We provide a full walkthrough and all instructions in the accompanying Jupyter notebook, and we describe CosmoPower-JAX in detail in the release paper. We currently do not provide the code to train a neural-network model in JAX; if you would like to re-train a JAX-based neural network on different data, raise an issue or contact Davide Piras.
If you are reusing a model trained with CosmoPower and have a TensorFlow version higher or equal to 2.14, you might get an error when trying to load the model, even in CosmoPower-JAX. This is a known issue. In this case, you should run the convert_tf214.py script available in this repository to transform your .pkl file into a different format (based on NumPy) that will then be read by CosmoPower-JAX. You only have to do the conversion once for each .pkl file you have, make sure you pip install . after the conversion, and everything else should remain unchanged.
Feel free to fork this repository to work on it; otherwise, please raise an issue or contact Davide Piras.

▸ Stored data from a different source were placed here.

(* Let $W\in\mathbb{R}^{m\times n}$ with columns $W_1,\dots,W_n$ and $F=WW^\top$, and assume every $W_i$ is an eigenvector of $F$ with positive eigenvalue. Let $\lambda_k>0$ be an eigenvalue of $F$, $C_k:=\{i:FW_i=\lambda_kW_i\}$ with $p:=|C_k|$, $V_k:=\operatorname{span}\{W_i:i\in C_k\}$, and $M_k:=W_{C_k}^\top W_{C_k}\in\mathbb{R}^{p\times p}$ the Gram matrix of these columns. Then the cluster $C_k$ has simplex geometry if and only if $M_k$ has exactly two eigenspaces $$W_0=\ker(M_k)=\operatorname{span}(\mathbf{1}),\qquad W_1=\operatorname{Im}(M_k)=\mathbf{1}^\perp,$$ with eigenvalue $0$ on $W_0$ and eigenvalue $\lambda_k=\frac{|C_k|}{\dim(V_k)}$ on $W_1$.
   Context: $\mathbf{1}\in\mathbb{R}^p$ is the all-ones vector. A cluster of $p\ge2$ vectors $(W_i)_{i\in C_k}$ has simplex geometry if $\|W_i\|=1$ for all $i$ and $\langle W_i,W_j\rangle=-\frac{1}{p-1}$ for all $i\neq j$ (equivalently, its Gram matrix is $\frac{p}{p-1}(I-\frac1pJ)$, $J$ the all-ones matrix). *)

From HB Require Import structures.
From mathcomp Require Import all_boot all_order all_algebra.
Set Implicit Arguments. Unset Strict Implicit. Unset Printing Implicit Defensive.
Import Order.TTheory GRing.Theory Num.Theory.
Local Open Scope ring_scope.

Section Defs.
Variable R : rcfType.

Definition dotc m (u v : 'cV[R]_m) : R := (u^T *m v) 0 0.
Definition normc m (u : 'cV[R]_m) : R := Num.sqrt (dotc u u).

Definition Fmat m n (W : 'M[R]_(m, n)) : 'M[R]_m := W *m W^T.

Definition cluster m n (W : 'M[R]_(m, n)) (lam : R) : {set 'I_n} :=
  [set i | Fmat W *m col i W == lam *: col i W].

(* W_{C_k}: the m x |C_k| matrix of the columns W_i, i in C_k (in increasing order) *)
Definition clusterMx m n (W : 'M[R]_(m, n)) (lam : R)
  : 'M[R]_(m, #|cluster W lam|) :=
  colsub (fun j : 'I_#|cluster W lam| => enum_val j) W.

Definition gramMx m n (W : 'M[R]_(m, n)) (lam : R) : 'M[R]_#|cluster W lam| :=
  (clusterMx W lam)^T *m clusterMx W lam.

Definition simplex_geometry m p (X : 'M[R]_(m, p)) : Prop :=
  (2 <= p)%N /\
  (forall i : 'I_p, normc (col i X) = 1) /\
  (forall i j : 'I_p, i != j -> dotc (col i X) (col j X) = - (p.-1%:R)^-1).

End Defs.

From mathcomp Require Import ring.
From HB Require Import structures.
From mathcomp Require Import all_boot all_order all_algebra.
Import Order.TTheory GRing.Theory Num.Theory.
Set Implicit Arguments. Unset Strict Implicit. Unset Printing Implicit Defensive.
Local Open Scope ring_scope.

(* Eigenvectors of the symmetric matrix F = W W^T for distinct eigenvalues are
   orthogonal, so F X = X M for the cluster matrix X = W_{C_k}; together with
   F X = lambda X this gives X M = lambda X, hence M^2 = lambda M and
   rank M = rank X.  Simplex geometry says exactly that M = p/(p-1) (I - J/p),
   a multiple of the centering projection onto 1^perp.  Two symmetric
   idempotents with the same row space are equal, so M / lambda is the
   centering projection as soon as Im M = 1^perp, and comparing the scales
   gives lambda = p/(p-1) = p / rank X. *)

Section Centering.
Variables (R : fieldType) (p : nat).
Local Notation ones_col := (const_mx 1 : 'M[R]_(p, 1)).
Local Notation ones_row := (const_mx 1 : 'M[R]_(1, p)).

Definition centering_mx : 'M[R]_p := 1%:M - p%:R^-1 *: const_mx 1.
Local Notation Q := centering_mx.

Lemma ones_col_mul_row : ones_col *m ones_row = const_mx 1.
Proof. by apply/matrixP=> i j; rewrite !mxE big_ord1 !mxE mulr1. Qed.

Lemma ones_row_mul_col : ones_row *m ones_col = p%:R%:M.
Proof.
apply/matrixP=> i j; rewrite !ord1 !mxE eqxx mulr1n.
by rewrite (eq_bigr (fun _ => 1)) ?sumr_const ?card_ord // => l _; rewrite !mxE mulr1.
Qed.

Lemma mul_centering_mx k (A : 'M[R]_(k, p)) :
  A *m Q = A - p%:R^-1 *: (A *m ones_col *m ones_row).
Proof. by rewrite mulmxBr mulmx1 -scalemxAr -mulmxA ones_col_mul_row. Qed.

Lemma centering_mx_id k (A : 'M[R]_(k, p)) : A *m ones_col = 0 -> A *m Q = A.
Proof. by move=> A1; rewrite mul_centering_mx A1 mul0mx scaler0 subr0. Qed.

Lemma sub_ones_row k (A : 'M[R]_(k, p)) : A *m Q = 0 -> (A <= ones_row)%MS.
Proof.
rewrite mul_centering_mx => /eqP; rewrite subr_eq0 => /eqP ->.
by rewrite scalemxAl submxMl.
Qed.

Lemma trmx_centering : Q^T = Q.
Proof. by rewrite linearB /= linearZ /= trmx1 trmx_const. Qed.

Hypothesis p_neq0 : p%:R != 0 :> R.

Lemma centering_mx_ones : Q *m ones_col = 0.
Proof.
rewrite mulmxBl mul1mx -scalemxAl -ones_col_mul_row -mulmxA ones_row_mul_col.
by rewrite mul_mx_scalar scalerA mulVf // scale1r subrr.
Qed.

Lemma centering_mx_idem : Q *m Q = Q.
Proof. exact: centering_mx_id centering_mx_ones. Qed.

Lemma kermx_centering : (kermx Q == ones_row)%MS.
Proof.
apply/andP; split; first exact/sub_ones_row/mulmx_ker.
apply/sub_kermxP/trmx_inj.
by rewrite trmx_mul trmx_centering trmx_const centering_mx_ones trmx0.
Qed.

Lemma centering_eq_ones_perp : (Q == kermx ones_col)%MS.
Proof.
apply/andP; split; first exact/sub_kermxP/centering_mx_ones.
by rewrite -[X in (X <= _)%MS](centering_mx_id (mulmx_ker _)) submxMl.
Qed.

End Centering.

Lemma rank_ones_perp (R : fieldType) p :
  (0 < p)%N -> \rank (kermx (const_mx 1 : 'M[R]_(p, 1))) = p.-1.
Proof.
move=> p_gt0; rewrite mxrank_ker -subn1; congr (_ - _)%N.
apply/eqP; rewrite eqn_leq rank_leq_col lt0n mxrank_eq0.
apply/eqP=> /matrixP/(_ (Ordinal p_gt0) 0); rewrite !mxE => /eqP.
by rewrite oner_eq0.
Qed.

Lemma kermxZ (R : fieldType) m n (a : R) (A : 'M[R]_(m, n)) :
  a != 0 -> (kermx (a *: A) == kermx A)%MS.
Proof.
move=> a_neq0; apply/andP; split; apply/sub_kermxP.
  have /eqP := mulmx_ker (a *: A).
  by rewrite -scalemxAr scalemx_eq0 (negbTE a_neq0) => /eqP.
by rewrite -scalemxAr mulmx_ker scaler0.
Qed.

Lemma eigenspace0 (R : fieldType) n (A : 'M[R]_n) : eigenspace A 0 = kermx A.
Proof. by rewrite /eigenspace raddf0 subr0. Qed.

Lemma sym_idem_eqmx (R : fieldType) n (P Q : 'M[R]_n) :
  P^T = P -> Q^T = Q -> P *m P = P -> Q *m Q = Q -> (P == Q)%MS -> P = Q.
Proof.
have absorb (A B : 'M[R]_n) : B *m B = B -> (A <= B)%MS -> A *m B = A.
  by move=> BB /submxP[D ->]; rewrite -mulmxA BB.
move=> PT QT PP QQ /andP[PQ QP].
by rewrite -PT -(absorb _ _ QQ PQ) trmx_mul PT QT (absorb _ _ PP QP).
Qed.

Section ScaledProjection.
Variables (R : fieldType) (n : nat) (M : 'M[R]_n) (lam : R).
Hypothesis M_idem : M *m M = lam *: M.

Lemma eigenvalue_scaled_proj a : eigenvalue M a -> a = 0 \/ a = lam.
Proof.
case/eigenvalueP=> v vM v_neq0.
have : (a * a) *: v = (lam * a) *: v.
  by rewrite -!scalerA -vM scalemxAl -vM -mulmxA M_idem -scalemxAr.
move/eqP; rewrite -subr_eq0 -scalerBl scalemx_eq0 (negbTE v_neq0) orbF.
by rewrite -mulrBl mulf_eq0 subr_eq0 => /orP[] /eqP; [right | left].
Qed.

Lemma scaled_proj_scale (Q : 'M[R]_n) a :
  Q *m Q = Q -> M = a *: Q -> M != 0 -> lam = a.
Proof.
move=> QQ MQ M_neq0; have : M *m M = a *: M.
  by rewrite {1}MQ -scalemxAl MQ -scalemxAr QQ.
rewrite M_idem => /eqP; rewrite -subr_eq0 -scalerBl scalemx_eq0 (negbTE M_neq0).
by rewrite orbF subr_eq0 => /eqP.
Qed.

Hypothesis lam_neq0 : lam != 0.

Lemma eigenspace_scaled_proj : (eigenspace M lam == M)%MS.
Proof.
apply/andP; split; last first.
  by apply/sub_kermxP; rewrite mulmxBr mul_mx_scalar M_idem subrr.
have /eigenspaceP EM := submx_refl (eigenspace M lam).
rewrite -[X in (X <= _)%MS](scale1r) -(mulVf lam_neq0) -scalerA -EM.
by rewrite scalemxAl submxMl.
Qed.

Hypothesis M_sym : M^T = M.

Lemma scaled_proj_eq_centering :
  n%:R != 0 :> R -> (M == kermx (const_mx 1 : 'M[R]_(n, 1)))%MS ->
  M = lam *: centering_mx R n.
Proof.
move=> n_neq0 /eqmxP M_perp.
suff -> : centering_mx R n = lam^-1 *: M by rewrite scalerA mulfV // scale1r.
apply/esym/sym_idem_eqmx.
- by rewrite linearZ /= M_sym.
- exact: trmx_centering.
- by rewrite -scalemxAl -scalemxAr M_idem !scalerA mulrAC mulVf // mul1r.
- exact: centering_mx_idem.
apply/eqmxP; apply: eqmx_trans (eqmx_scale _ (invr_neq0 lam_neq0)) _.
by apply: eqmx_trans M_perp _; apply/eqmx_sym/eqmxP/centering_eq_ones_perp.
Qed.

End ScaledProjection.

Lemma scaled_centering_proj (R : numFieldType) p (M : 'M[R]_p) lam :
  M *m M = lam *: M -> (1 < p)%N ->
  M = (p%:R / p.-1%:R) *: centering_mx R p ->
  [/\ (kermx M == (const_mx 1 : 'rV[R]_p))%MS,
      (M == kermx (const_mx 1 : 'cV[R]_p))%MS, \rank M = p.-1 & lam = p%:R / p.-1%:R].
Proof.
move=> MM p_gt1 ME.
have p_neq0 : p%:R != 0 :> R by rewrite pnatr_eq0 -lt0n ltnW.
have q_gt0 : (0 < p.-1)%N by rewrite -ltnS prednK // ltnW.
have a_neq0 : p%:R / p.-1%:R != 0 :> R.
  by rewrite mulf_neq0 // invr_eq0 pnatr_eq0 -lt0n.
have imM : (M == kermx (const_mx 1 : 'cV[R]_p))%MS.
  apply/eqmxP; rewrite ME; apply: eqmx_trans (eqmx_scale _ a_neq0) _.
  exact/eqmxP/centering_eq_ones_perp.
have rkM : \rank M = p.-1 by rewrite (eqmx_rank imM) rank_ones_perp // ltnW.
split=> //.
  apply/eqmxP; rewrite ME; apply: eqmx_trans (eqmxP (kermxZ _ a_neq0)) _.
  exact/eqmxP/kermx_centering.
have M_neq0 : M != 0 by rewrite -mxrank_eq0 rkM -lt0n.
exact: (scaled_proj_scale MM (centering_mx_idem p_neq0) ME M_neq0).
Qed.

Lemma eigenvectors_sym_orthogonal (R : idomainType) n (A : 'M[R]_n)
    (u v : 'cV[R]_n) a b :
  A^T = A -> A *m u = a *: u -> A *m v = b *: v -> a != b -> u^T *m v = 0.
Proof.
move=> AT Au Av ab.
have : a *: (u^T *m v) = b *: (u^T *m v).
  by rewrite scalemxAl -linearZ /= -Au trmx_mul AT -mulmxA Av scalemxAr.
move/eqP; rewrite -subr_eq0 -scalerBl scalemx_eq0 subr_eq0 (negbTE ab).
by move/eqP.
Qed.

Section Dot.
Variable R : rcfType.

Lemma trmx_mul_entry m n1 n2 (A : 'M[R]_(m, n1)) (B : 'M[R]_(m, n2)) i j :
  (A^T *m B) i j = dotc (col i A) (col j B).
Proof. by rewrite /dotc !mxE; apply: eq_bigr => l _; rewrite !mxE. Qed.

Lemma normc_eq1 m (u : 'cV[R]_m) : (normc u = 1) <-> (dotc u u = 1).
Proof.
rewrite /normc; split=> [uu1 | ->]; last exact: sqrtr1.
have uu_ge0 : 0 <= dotc u u.
  by rewrite /dotc mxE sumr_ge0 // => l _; rewrite !mxE -expr2 sqr_ge0.
by rewrite -(sqr_sqrtr uu_ge0) uu1 expr1n.
Qed.

Lemma simplex_geometryE m p (X : 'M[R]_(m, p)) :
  simplex_geometry X <->
  (1 < p)%N /\ X^T *m X = (p%:R / p.-1%:R) *: centering_mx R p.
Proof.
rewrite /simplex_geometry; case: (ltnP 1 p) => [p_gt1 | p_le1]; last first.
  by split=> -[].
have q_neq0 : p.-1%:R != 0 :> R by rewrite pnatr_eq0 -lt0n -ltnS prednK // ltnW.
have pE : p%:R = p.-1%:R + 1 :> R by rewrite natr1 prednK // ltnW.
have p_neq0 : p.-1%:R + 1 != 0 :> R by rewrite -pE pnatr_eq0 -lt0n ltnW.
have Gram_entry i j : ((p%:R / p.-1%:R) *: centering_mx R p) i j =
    if i == j then 1 else - p.-1%:R^-1.
  rewrite !mxE pE; case: eqP => _ /=; field; exact/andP.
split=> [[_ [normX dotX]] | [_ XX]].
  split=> //; apply/matrixP=> i j; rewrite trmx_mul_entry Gram_entry.
  by case: eqVneq => [<- | /dotX //]; apply/normc_eq1.
split=> //; split=> [i | i j ij]; last by rewrite -trmx_mul_entry XX Gram_entry (negbTE ij).
by apply/normc_eq1; rewrite -trmx_mul_entry XX Gram_entry eqxx.
Qed.

End Dot.

Section Cluster.
Variables (R : rcfType) (m n : nat) (W : 'M[R]_(m, n)) (lam : R).
Local Notation X := (clusterMx W lam).
Local Notation M := (gramMx W lam).

Lemma trmx_Fmat : (Fmat W)^T = Fmat W.
Proof. by rewrite trmx_mul trmxK. Qed.

Lemma trmx_gramMx : M^T = M.
Proof. by rewrite trmx_mul trmxK. Qed.

Lemma clusterMxE a j : X a j = W a (enum_val j).
Proof. exact: mxE. Qed.

Lemma col_clusterMx j : col j X = col (enum_val j) W.
Proof. exact: col_colsub. Qed.

Lemma Fmat_clusterMx : Fmat W *m X = lam *: X.
Proof.
apply/matrixP=> a j; rewrite !mxE.
have := enum_valP j; rewrite inE => /eqP/matrixP/(_ a 0); rewrite !mxE => <-.
by apply: eq_bigr => l _; rewrite !mxE.
Qed.

Hypothesis W_eigen : forall i, exists mu, Fmat W *m col i W = mu *: col i W.

Lemma dotc_col_clusterMx i j :
  i \notin cluster W lam -> dotc (col i W) (col j X) = 0.
Proof.
move=> i_out; have [mu Wi] := W_eigen i.
have := enum_valP j; rewrite inE col_clusterMx => /eqP Wj.
rewrite /dotc (eigenvectors_sym_orthogonal trmx_Fmat Wi Wj) ?mxE //.
by apply: contraNneq i_out => <-; rewrite inE Wi.
Qed.

Lemma Fmat_clusterMx_gram : Fmat W *m X = X *m M.
Proof.
apply/matrixP=> a j; rewrite -!mulmxA mxE [RHS]mxE.
rewrite (bigID (mem (cluster W lam))) /= [Y in _ + Y]big1 ?addr0; last first.
  by move=> i /dotc_col_clusterMx i_out; rewrite trmx_mul_entry i_out mulr0.
rewrite big_enum_val; apply: eq_bigr => k _.
by rewrite !trmx_mul_entry !col_clusterMx clusterMxE.
Qed.

Lemma gramMx_scaled_proj : M *m M = lam *: M.
Proof.
by rewrite {1}/gramMx -mulmxA -Fmat_clusterMx_gram Fmat_clusterMx scalemxAr.
Qed.

Lemma rank_clusterMx : lam != 0 -> \rank X = \rank M.
Proof.
move=> lam_neq0; apply/eqP; rewrite eqn_leq mxrankM_maxr andbT.
have -> : X = (lam^-1 *: X) *m M.
  by rewrite -scalemxAl -Fmat_clusterMx_gram Fmat_clusterMx scalerA mulVf ?scale1r.
exact: mxrankM_maxr.
Qed.

End Cluster.

Theorem corollary5 (R : rcfType) (m n : nat) (W : 'M[R]_(m, n)) (lamk : R) :
  (forall i : 'I_n, col i W != 0 /\
     exists2 mu : R, 0 < mu & Fmat W *m col i W = mu *: col i W) ->
  0 < lamk ->
  (exists2 v : 'cV[R]_m, v != 0 & Fmat W *m v = lamk *: v) ->
  let p := #|cluster W lamk| in
  let M := gramMx W lamk in
  let one : 'rV[R]_p := const_mx 1 in
  let one_perp := kermx (const_mx 1 : 'M[R]_(p, 1)) in
  simplex_geometry (clusterMx W lamk) <->
  ((kermx M^T == one)%MS /\            (* ker M_k = span 1 *)
      (M^T == one_perp)%MS /\             (* Im M_k = 1^perp *)
      (eigenspace M^T 0 == one)%MS /\     (* eigenvalue 0 with eigenspace span 1 *)
      (eigenspace M^T lamk == one_perp)%MS /\ (* eigenvalue lamk with eigenspace 1^perp *)
      (forall a : R, eigenvalue M^T a -> a = 0 \/ a = lamk) /\
      lamk = p%:R / (\rank (clusterMx W lamk))%:R).
Proof.
move=> W_eigen lam_gt0 _ p M one one_perp.
have lam_neq0 : lamk != 0 by rewrite gt_eqF.
have {}W_eigen i : exists mu, Fmat W *m col i W = mu *: col i W.
  by have [_ [mu _ Wi]] := W_eigen i; exists mu.
have MM : M *m M = lamk *: M := gramMx_scaled_proj _ W_eigen.
have MT : M^T = M := trmx_gramMx W lamk.
rewrite MT eigenspace0 (rank_clusterMx W_eigen lam_neq0).
split=> [/simplex_geometryE[p_gt1 ME] | [kerM [imM [_ [_ [_ lamE]]]]]].
- have [kerM imM rkM lamE] := scaled_centering_proj MM p_gt1 ME.
  do !split=> //; last by rewrite rkM.
  + exact/eqmxP/(eqmx_trans (eqmxP (eigenspace_scaled_proj MM lam_neq0)) (eqmxP imM)).
  + exact: eigenvalue_scaled_proj MM.
- have p_gt0 : (0 < p)%N.
    by rewrite lt0n; apply: contra_neq lam_neq0 => p0; rewrite lamE p0 mul0r.
  have rkM : \rank M = p.-1 by rewrite (eqmx_rank imM) rank_ones_perp.
  have p_gt1 : (1 < p)%N.
    rewrite ltn_neqAle p_gt0 andbT; apply: contra_neq lam_neq0 => p1.
    by rewrite lamE rkM -p1 mulr0n invr0 mulr0.
  have p_neq0 : p%:R != 0 :> R by rewrite pnatr_eq0 -lt0n.
  apply/simplex_geometryE; split=> //.
  apply: etrans (scaled_proj_eq_centering MM lam_neq0 MT p_neq0 imM) _.
  by rewrite -rkM -lamE.
Qed.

If you use CosmoPower-JAX in your work, please cite both papers as follows:
@article{Piras23,
author = {{Piras}, Davide and {Spurio Mancini}, Alessio},
title = "{CosmoPower-JAX: high-dimensional Bayesian inference
with differentiable cosmological emulators}",
journal = {The Open Journal of Astrophysics},
keywords = {Astrophysics - Cosmology and Nongalactic Astrophysics,
Astrophysics - Instrumentation and Methods for Astrophysics,
Computer Science - Machine Learning},
year = 2023,
month = jul,
volume = {6},
eid = {20},
pages = {20},
doi = {10.21105/astro.2305.06347},
archivePrefix = {arXiv},
eprint = {2305.06347},
primaryClass = {astro-ph.CO}
}
@article{SpurioMancini2022,
title={CosmoPower: emulating cosmological power spectra for
accelerated Bayesian inference from next-generation surveys},
volume={511},
ISSN={1365-2966},
url={http://dx.doi.org/10.1093/mnras/stac064},
DOI={10.1093/mnras/stac064},
number={2},
journal={Monthly Notices of the Royal Astronomical Society},
publisher={Oxford University Press (OUP)},
author={Spurio Mancini, Alessio and Piras, Davide and
Alsing, Justin and Joachimi, Benjamin and Hobson, Michael P},
year={2022},
month={Jan},
pages={1771–1788}
}
CosmoPower-JAX is released under the GPL-3 license - see LICENSE-, subject to
the non-commercial use condition - see LICENSE_EXT.
CosmoPower-JAX
Copyright (C) 2023 Davide Piras & contributors
This program is released under the GPL-3 license (see LICENSE),
subject to a non-commercial use condition (see LICENSE_EXT).
This program is distributed in the hope that it will be useful,
but WITHOUT ANY WARRANTY; without even the implied warranty of
MERCHANTABILITY or FITNESS FOR A PARTICULAR PURPOSE.